Гулко рванул первый снаряд, слившись со звуком пушечного выстрела, и над балкой, где расположился обоз, встало черное облачко дыма. Стреляли в балке!

Все, что было потом, произошло ошеломляюще быстро. Гул, грохот, звон, свист… Несколько суток спустя, восстанавливая в памяти последовательность событий, Никифор сам себе не поверил: бой длился не более 3–4 минут. От силы пять, но это уж, что называется, с походом. Картину боя, в той мере как он его видел и понял, Никифор представил себе позже, собрав воедино клочки впечатлений и дополнив догадкой.

А тогда, когда это началось, он ничего не понимал. Он просто не успел понять. Откуда появились немецкие танки? Как удалось им среди бела дня подойти незамеченными? Почему сначала напали они на обоз и только потом повернули в сторону головного отряда? Что можно было сделать в том положении, в котором очутилась группа прорыва — рота, усиленная взводом связи и батареей сорокапяток?

На все вопросы были, конечно, ответы — и оправдательные, и обвинительные.

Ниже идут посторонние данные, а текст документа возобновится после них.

Lemma le_mul_of_quadratic_ge0 (R : realFieldType) (a d w : R) :
  0 <= a -> 0 <= d -> 0 <= w ->
  (forall b, 0 <= a * w - 2 * b * w + b ^+ 2 * d) -> w <= a * d.
Proof.
move=> a_ge0 d_ge0 w_ge0 quad_ge0.
have [d0|d_neq0] := eqVneq d 0.
  by have := quad_ge0 (a + 1); rewrite d0; nra.
have d_gt0 : 0 < d by rewrite lt_def d_neq0.
have := quad_ge0 (w / d).
have -> : a * w - 2 * (w / d) * w + (w / d) ^+ 2 * d = w * (a * d - w) / d.
  by field.
rewrite pmulr_lge0 ?invr_gt0 // => prod_ge0.
have [->|w_neq0] := eqVneq w 0; first by rewrite mulr_ge0.
have w_gt0 : 0 < w by rewrite lt_def w_neq0.
by rewrite -subr_ge0 -(pmulr_rge0 _ w_gt0).
Qed.

Lemma Re_quad_form2 (R : realType) (z : Cx R) (dx dy b : R) :
  Re (- conjc z * dx%:C * - z + - conjc z * z * b%:C
      + b%:C * conjc z * - z + b%:C * dy%:C * b%:C)
  = dx * cnorm z ^+ 2 - 2 * b * cnorm z ^+ 2 + b ^+ 2 * dy.
Proof.
case: z => u v; rewrite /cnorm /= sqr_sqrtr ?addr_ge0 ?sqr_ge0 //.
ring.
Qed.

Lemma density_offdiag (R : realType) (s : nat) (sig : FZ2 s -> FZ2 s -> Cx R) x y :
  density sig -> cnorm (sig x y) ^+ 2 <= Re (sig x x) * Re (sig y y).
Proof.
move=> dens; have [ex ux] := density_diag x dens; have [ey uy] := density_diag y dens.
case: dens => [sa [psd _]].
have [->|y_neq_x] := eqVneq y x.
  by rewrite ex cnorm_real /= real_normK ?num_real // expr2.
set z := sig x y.
apply: le_mul_of_quadratic_ge0 => // [|b]; first exact: sqr_ge0.
(* positivity of the form at the vector - sigma_xy e_x + b e_y *)
have [_] := psd [:: x; y] (fun u => if u == x then - z else b%:C).
rewrite !big_cons !big_nil !addr0 eqxx (negbTE y_neq_x).
by rewrite (sa x y) -/z ex ey rmorphN conjc_real !addrA Re_quad_form2.
Qed.

Lemma trsq_le1 (R : realType) (s : nat) (sig : FZ2 s -> FZ2 s -> Cx R) :
  density sig -> (trsq sig <= 1)%E.
Proof.
move=> dens; have [_ [_ tr1]] := dens.
set d := fun x => Re (sig x x).
have d_ge0 x : 0 <= d x := (density_diag x dens).2.
apply: (@le_trans _ _ (\esum_(p in [set: FZ2 s * FZ2 s]) (d p.1 * d p.2)%:E)%E).
  by apply: le_esum => p _; rewrite lee_fin; exact: density_offdiag.
have -> : [set: FZ2 s * FZ2 s]%classic = ([set: FZ2 s] `*`` fun=> [set: FZ2 s])%classic.
  by apply/seteqP; split.
rewrite -(esum_esum (a := fun i j => (d i * d j)%:E)); last by move=> i j _ _; rewrite lee_fin mulr_ge0.
apply: (@le_trans _ _ (\esum_(i in [set: FZ2 s]) ((d i)%:E * \esum_(j in [set: FZ2 s]) (d j)%:E))%E).
  apply: le_esum => i _; under eq_esum do rewrite EFinM.
  by apply: esumZl_le => [|j]; rewrite ?lee_fin.
by rewrite tr1; under eq_esum do rewrite mule1; rewrite tr1.
Qed.

Lemma trsq_vec (R : realType) (s : nat) (sig : FZ2 s -> FZ2 s -> Cx R) :
  trsq sig = l2norm2 (vec sig).
Proof. by []. Qed.

Lemma trsq_iter_Omega_le (R : realType) (s : nat) (m t : R)
    (sig : FZ2 s -> FZ2 s -> Cx R) (N : nat) : (0 < s)%N ->
  opnorm (@Omegabar R s) = m%:E -> trsq sig = t%:E ->
  (trsq (iter N (@Omega R s) sig) <= (m ^+ (2 * N) * t)%:E)%E.
Proof.
move=> s_gt0 opm sig_t; elim: N => [|N IH]; first by rewrite mul1r sig_t.
have := l2norm2_ge0 (vec (iter N (@Omega R s) sig)); rewrite -trsq_vec.
case E : (trsq _) IH => [u| |] // IH u_ge0.
rewrite /= trsq_vec vec_Omega //.
apply: le_trans (l2norm2_le_opnorm (@Omegabar_scale R s) opm E) _.
rewrite lee_fin mulnS exprD -mulrA.
by apply: ler_wpM2l; [exact: sqr_ge0 | rewrite -lee_fin].
Qed.

Theorem mainTheorem5 (R : realType) (s : nat) (hs : (1 <= s)%N) :
  (opnorm (@Omegabar R s) <= (2^-1 + (Num.sqrt (s%:R : R))^-1)%:E)%E /\
  ((5 <= s)%N ->
   let mu := opnorm (@Omegabar R s) in
   (mu < 1)%E /\
   forall (sig : FZ2 s -> FZ2 s -> Cx R) (N : nat), density sig ->
     (trsq (iter N (@Omega R s) sig)
        <= (fine mu ^+ (2 * N))%:E * trsq sig)%E /\
     ((fine mu ^+ (2 * N))%:E * trsq sig <= (fine mu ^+ (2 * N))%:E)%E).
Proof.
have opnorm_le := opnorm_Omegabar_le R hs.
split=> // s_ge5 mu; rewrite {}/mu.
set r := Num.sqrt (s%:R : R).
have r_gt2 : 2 < r.
  have : r ^+ 2 = s%:R by rewrite sqr_sqrtr ?ler0n.
  have : 5 <= s%:R :> R by rewrite ler_nat.
  have : 0 <= r := sqrtr_ge0 _.
  nra.
have c_lt1 : 2^-1 + r^-1 < 1.
  have : r^-1 < 2^-1 by rewrite ltf_pV2 ?posrE //; lra.
  lra.
case opm : (opnorm _) opnorm_le (opnorm_ge0 (@Omegabar R s)) => [m| |] //=.
rewrite !lee_fin => m_le m_ge0.
split; first by rewrite lte_fin (le_lt_trans m_le).
move=> sig N dens.
have sig_fin : trsq sig = (fine (trsq sig))%:E.
  by move: (l2norm2_ge0 (vec sig)) (trsq_le1 dens); rewrite -trsq_vec; case: (trsq sig).
set t := fine (trsq sig) in sig_fin *.
have t_le1 : t <= 1 by rewrite -lee_fin -sig_fin trsq_le1.
rewrite sig_fin -EFinM; split; first exact: trsq_iter_Omega_le.
by rewrite lee_fin ler_piMr ?exprn_ge0 // -lee_fin -sig_fin l2norm2_ge0.
Qed.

Но это потом. А тогда…

Грохот пушечной стрельбы стал непрерывным, и уже не облачко, а клубящаяся туча дыма и пыли поднялась из балки. Подсвечиваемая снизу бликами разрывов, она катилась единым, плотным, насыщенным, смертью валом. Накроет такой вал, и ничто живое, казалось, не уцелеет. Но оттуда, из кромешного ада, вырывались кони, люди, госпитальные грузовики и мчались, не разбирая дороги, прямехонько на позиции роты.

Двуконная фура галопом вылетела по крутому подъёму. Полузапряженные — дышло висело в полуметре от земли, — обезумевшие кони рвали постромки, повозка подпрыгивала и кренилась так, что удивительным было, почему она не переворачивается. Колеса то одной, то другой стороны вертелись в воздухе, тюки с интендантским добром шлепались на землю, как громадные тряпичные мячи. И каким-то чудом удерживался на повозке возница.

Госпитальная полуторка с кузовом-фургоном, угол которого был разворочен снарядом, на пробитых задних баллонах вылезла из балки. Медленно, ужасающе медленно, на первой передаче, машина отдалялась от вспыхивающей огненными прожилками разрывов зоны смерти. В проломе кузова виднелись двухэтажные нары, с них свисали и колыхались на ветру обрывки, простынь, с верхних нар торчали чьи-то босые ноги, желтые, как выгоревшая на солнце бумага.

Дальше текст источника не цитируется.